I hope to build for 90-95 psf, seems realistic... just hope that contractor estimates hold up and theyre not blowing smoke

$90-95/SF??? That seems really low, am I missing something? Seems new construction in Chicago runs no less than $140/SF, but then again I've never been involved with single family construction, so maybe it is lower than I think.

Larry King Nov 25, 2013 3:09 PM

Quote:

Originally Posted by LouisVanDerWright (Post 6352006)
$90-95/SF??? That seems really low, am I missing something? Seems new construction in Chicago runs no less than $140/SF, but then again I've never been involved with single family construction, so maybe it is lower than I think.

I know an israeli in philly that builds for 70 psf... but he has his own crew, equipment etc

Union cconstruction in philly is like 190 psf

Non union single family homes in phila will range from 80 to 120 or so... work done by immigrants

Edit: this is just hard construction costs

SLO Nov 25, 2013 4:20 PM

Quote:

Originally Posted by Larry King (Post 6352029)
I know an israeli in philly that builds for 70 psf... but he has his own crew, equipment etc

Union cconstruction in philly is like 190 psf

Non union single family homes in phila will range from 80 to 120 or so... work done by immigrants

Edit: this is just hard construction costs

That seems reasonable. Im sure its higher than here in DFW, which will have a wild range in construction cost depending on exactly where. City vs non city etc. Our bottom range will be 75-95 psf for ground up construction cost. Thats for your average spec home. Of course they sell low as well....

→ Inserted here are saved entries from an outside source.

(* Let $(X,r)$ be a non-degenerate involutive set-theoretic solution of the Yang–Baxter equation with $|X|=n$, identified with $\{1,\dots,n\}$. If $(X,r)$ is irretractable, indecomposable and satisfies condition $(\mathfrak{C})$ — there exists a natural number $\ell$ such that for every $1\le s\le n$ there exist $1\le i_1,\dots,i_\ell\le n$ with $\sigma_{i_1}\cdots\sigma_{i_\ell}(1)=s$ — then for every natural number $k\ge1$ there exists a non-degenerate involutive set-theoretic solution of size $n^{2^k}$ that is also irretractable and indecomposable.
   Context: A set-theoretic solution of the Yang–Baxter equation is a pair $(X,r)$ with $r:X\times X\to X\times X$, $r(x,y)=(\sigma_x(y),\gamma_y(x))$, satisfying $r^{12}r^{23}r^{12}=r^{23}r^{12}r^{23}$ on $X^3$ ($r^{12}=r\times\mathrm{Id}_X$, $r^{23}=\mathrm{Id}_X\times r$). Non-degenerate: all $\sigma_x,\gamma_x$ bijective; involutive: $r\circ r=\mathrm{Id}$. A subset $Y$ is non-degenerate invariant if $r(Y\times Y)\subseteq Y\times Y$ and $(Y,r|_{Y^2})$ is a non-degenerate involutive solution; $(X,r)$ is decomposable if $X$ is a union of two non-empty disjoint non-degenerate invariant subsets, indecomposable otherwise. Retraction: $x\sim y$ iff $\sigma_x=\sigma_y$, $\mathrm{Ret}(X,r)=(X/\!\sim,r')$ with $r'([x],[y])=([\sigma_x(y)],[\gamma_y(x)])$; $(X,r)$ is irretractable if there is no natural number $\ell$ with $|\mathrm{Ret}^\ell(X,r)|=1$ (where $\mathrm{Ret}^k=\mathrm{Ret}(\mathrm{Ret}^{k-1})$). *)

From mathcomp Require Import all_boot.
Set Implicit Arguments. Unset Strict Implicit. Unset Printing Implicit Defensive.

Section Sol.
Variables (X : finType) (r : X * X -> X * X).

Definition sigm (x : X) : X -> X := fun y => (r (x, y)).1.
Definition gamm (y : X) : X -> X := fun x => (r (x, y)).2.

Definition r12 (t : X * X * X) : X * X * X :=
  let: (x, y, z) := t in ((r (x, y)).1, (r (x, y)).2, z).
Definition r23 (t : X * X * X) : X * X * X :=
  let: (x, y, z) := t in (x, (r (y, z)).1, (r (y, z)).2).

Definition YBE : Prop := forall t, r12 (r23 (r12 t)) = r23 (r12 (r23 t)).
Definition nondegenerate : Prop :=
  forall x, bijective (sigm x) /\ bijective (gamm x).
Definition involutive_sol : Prop := forall p, r (r p) = p.

Definition ndi_solution : Prop := [/\ YBE, nondegenerate & involutive_sol].

Definition bij_on (Y : {set X}) (f : X -> X) : Prop :=
  {in Y, forall y, f y \in Y} /\ {in Y &, injective f} /\
  (forall z, z \in Y -> exists2 y, y \in Y & f y = z).

(* Y is a non-degenerate invariant subset: r(Y x Y) ⊆ Y x Y and the
   restriction (Y, r|_{Y^2}) is a non-degenerate involutive solution
   (all conditions written out on elements of Y). *)
Definition nd_invariant (Y : {set X}) : Prop :=
  [/\ (forall x y, x \in Y -> y \in Y -> (r (x, y)).1 \in Y /\ (r (x, y)).2 \in Y),
      (forall x y z, x \in Y -> y \in Y -> z \in Y ->
          r12 (r23 (r12 (x, y, z))) = r23 (r12 (r23 (x, y, z)))),
      (forall x, x \in Y -> bij_on Y (sigm x) /\ bij_on Y (gamm x)) &
      (forall x y, x \in Y -> y \in Y -> r (r (x, y)) = (x, y))].
Lemma iota0S n : 0 < n -> iota 0 n = 0 :: iota 1 n.-1.
Proof. by case: n. Qed.

Lemma foldl_andb (P : nat -> bool) a l : foldl (fun a j => a && P j) a l = a && all P l.
Proof. by elim: l a => /= [a|j l IH a]; rewrite ?andbT // IH andbA. Qed.

Lemma foldl_orb (P : nat -> bool) h l : foldl (fun h j => h || P j) h l = h || has P l.
Proof. by elim: l h => /= [h|j l IH h]; rewrite ?orbF // IH orbA. Qed.

Lemma scan_success (ps : seq nat) f : (scan ps f).2 = has (fun p => (f p).2) ps.
Proof. by elim: ps => //= p ps IH; case: ((f p).2). Qed.

Lemma IsBE (V : finType) (G : pgraph V) r d1 d2 x : IsB G r d1 d2 x =
  if Bnode G r d1 d2 x then ((Bnode_test G r d1 d2 x).1, Ans_Bnode)
  else ((Bnode_test G r d1 d2 x).1 ++ (wls G r d1 d2 d1 d1 x None).1,
        if (wls G r d1 d2 d1 d1 x None).2 then Ans_B else Ans_D).
Proof. by []. Qed.

Section Balls.
Variables (V : finType) (G : pgraph V).
Local Notation ball := (ball G).
Local Notation dist := (dist G).

Lemma ballS k u : ball k.+1 u = ball k u :|:
  [set w | [exists v in ball k u, [exists i : 'I_(deg G v), nbr G v i == w]]].
Proof. by []. Qed.

Lemma subset_ballS k u : ball k u \subset ball k.+1 u.
Proof. by rewrite ballS subsetUl. Qed.

Lemma subset_ball k k' u : k <= k' -> ball k u \subset ball k' u.
Proof.
move=> le_kk'; rewrite -(subnKC le_kk'); elim: (k' - k) => [|j IH]; first by rewrite addn0.
by apply: subset_trans IH _; rewrite addnS subset_ballS.
Qed.

Lemma ball_nbr k u v i : v \in ball k u -> i < deg G v -> nbr G v i \in ball k.+1 u.
Proof.
move=> vB ltid; rewrite ballS in_setU inE; apply/orP; right.
by apply/existsP; exists v; rewrite vB /=; apply/existsP; exists (Ordinal ltid).
Qed.

Lemma ballSP k u w : w \in ball k.+1 u ->
  w \in ball k u \/ exists v i, [/\ v \in ball k u, i < deg G v & nbr G v i = w].
Proof.
rewrite ballS in_setU => /orP[wB|]; first by left.
rewrite inE => /existsP[v /andP[vB /existsP[i /eqP vi_w]]].
by right; exists v, (nat_of_ord i).
Qed.

Lemma ball_stable k u : ball k.+1 u = ball k u -> forall j, ball (k + j) u = ball k u.
Proof.
move=> stable; elim=> [|j IH]; first by rewrite addn0.
by rewrite addnS ballS IH -ballS stable.
Qed.

Lemma ball_grows u k : k < #|ball k u| \/ exists2 k0, k0 <= k & ball k0.+1 u = ball k0 u.
Proof.
elim: k => [|k [IH|[k0 le_k0k stable]]]; first by left; rewrite /= cards1.
- case: (ltnP #|ball k u| #|ball k.+1 u|) => grow; first by left; apply: leq_trans grow.
  by right; exists k => //; apply/esym/eqP; rewrite eqEcard subset_ballS grow.
- by right; exists k0 => //; apply: leq_trans le_k0k _.
Qed.

Lemma ball_small_radius u v k : v \in ball k u -> exists2 k', k' < #|V| & v \in ball k' u.
Proof.
move=> vB; case: (ltnP k #|V|) => ltkV; first by exists k.
have V_gt0 : 0 < #|V| by apply/card_gt0P; exists u.
exists #|V|.-1; first by rewrite prednK.
case: (ball_grows u #|V|.-1) => [big|[k0 le_k0 stable]].
  have /eqP -> : ball #|V|.-1 u == setT by rewrite eqEcard subsetT cardsT -(prednK V_gt0).
  by rewrite inE.
apply: (subsetP (subset_ball u le_k0)); rewrite -(ball_stable stable (k - k0)) subnKC //.
by apply: leq_trans le_k0 _; apply: leq_trans ltkV; exact: leq_pred.
Qed.

Lemma dist_leq u v k : v \in ball k u -> dist u v <= k.
Proof.
move=> vB; rewrite /dist; case: (ltnP k #|V|) => ltkV.
  by rewrite leqNgt; apply/negP => /(before_find 0); rewrite nth_iota // add0n vB.
by apply: leq_trans (find_size _ _) _; rewrite size_iota.
Qed.

Hypothesis G_connected : connected G.

Lemma ball_dist u v : v \in ball (dist u v) u.
Proof.
have [k vB] := G_connected u v; have [k' ltk'V vB'] := ball_small_radius vB.
have hasB : has (fun k => v \in ball k u) (iota 0 #|V|).
  by apply/hasP; exists k' => //; rewrite mem_iota.
move: (hasB) => /(nth_find 0); rewrite nth_iota ?add0n //.
by move: hasB; rewrite has_find size_iota.
Qed.

Lemma dist_nbr_leq u v i : i < deg G v -> dist u (nbr G v i) <= (dist u v).+1.
Proof. by move=> ltid; apply/dist_leq/ball_nbr/ltid/ball_dist. Qed.

Lemma dist_leq_nbr u v i : i < deg G v -> dist u v <= (dist u (nbr G v i)).+1.
Proof. by move=> ltid; rewrite -{1}(nbr_back ltid); apply/dist_nbr_leq/eport_lt. Qed.

Lemma dist_parent u v : 0 < dist u v ->
  exists2 i, i < deg G v & dist u (nbr G v i) = (dist u v).-1.
Proof.
move: (ball_dist u v); case E: (dist u v) => [//|k] /ballSP[vB|[w [i [wB ltiw wi_v]]]] _.
  by have := dist_leq vB; rewrite E ltnn.
exists (eport G w i); first by rewrite -wi_v; apply: eport_lt.
rewrite -wi_v nbr_back //; apply/eqP; rewrite eqn_leq dist_leq //=.
by have := dist_nbr_leq u ltiw; rewrite wi_v E.
Qed.

End Balls.

Section Classes.
Variables (V : finType) (G : pgraph V) (r : V) (d1 d2 : nat).

Local Notation q := (qAL d1 d2).
Local Notation dr := (dist G r).
Local Notation blk := (black G r d1 d2).
Local Notation Bn := (Bnode G r d1 d2).

Lemma modq_lt v : dr v %% q < q.
Proof. by rewrite ltn_mod /qAL addn2. Qed.

Lemma black_at t s v : s < q -> dr v = t * q + s ->
  blk v = [|| s == d2 + 1, s == d1 + d2 + 1, s == 0 | s == 1].
Proof. by move=> ltsq dv; rewrite /black /inA /inB /inC /inD dv modnMDl modn_small. Qed.

Lemma nbr_not_black_Bnode v i : i < deg G v -> ~~ blk (nbr G v i) -> Bn v = false.
Proof.
move=> ltiv white; apply/negbTE; rewrite negb_and; apply/orP; right.
by apply/allPn; exists i; rewrite // mem_iota.
Qed.

Lemma not_black_Bnode v : ~~ blk v -> Bn v = false.
Proof. by rewrite /Bnode => /negbTE ->. Qed.

Lemma wlsS l k v inp : wls G r d1 d2 l k.+1 v inp =
  if blk v && (k.+1 != l) then ([::], false)
  else scan [seq p <- ports G v | Some p != inp]
         (fun p => let m := wls G r d1 d2 l k (nbr G v p) (Some (eport G v p)) in
                   (p :: m.1 ++ [:: eport G v p], m.2)).
Proof. by []. Qed.

Lemma wlsS_success l k v inp : (wls G r d1 d2 l k.+1 v inp).2 =
  ~~ (blk v && (k.+1 != l)) && has (fun p => (wls G r d1 d2 l k (nbr G v p) (Some (eport G v p))).2)
                                   [seq p <- ports G v | Some p != inp].
Proof. by rewrite wlsS; case: ifP => //= _; rewrite scan_success. Qed.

Reverberation Apr 11, 2014 1:22 AM

Quote:

Originally Posted by Larry King (Post 6350494)
Any developers out there?

I've been in the biz a couple years now... I work on larger projects (20mm+) for a firm and also am starting to do some smaller projects on my own (<1mm)... Breaking ground on my first project by myself in march

I work for a developer and have been in the business for a few years now. Eventually I want to start owning my own small scale projects on the side to build the residual income stream but it isn't a buyers market with where cap rates are now on assets in stable areas.

rohanjain Apr 19, 2014 5:38 AM

You can research it yourself and go the way according to your dreams.

ChiTownWonder Jun 21, 2014 5:02 PM

do you have to be rich to be a developer? isnt it more about loans and financing?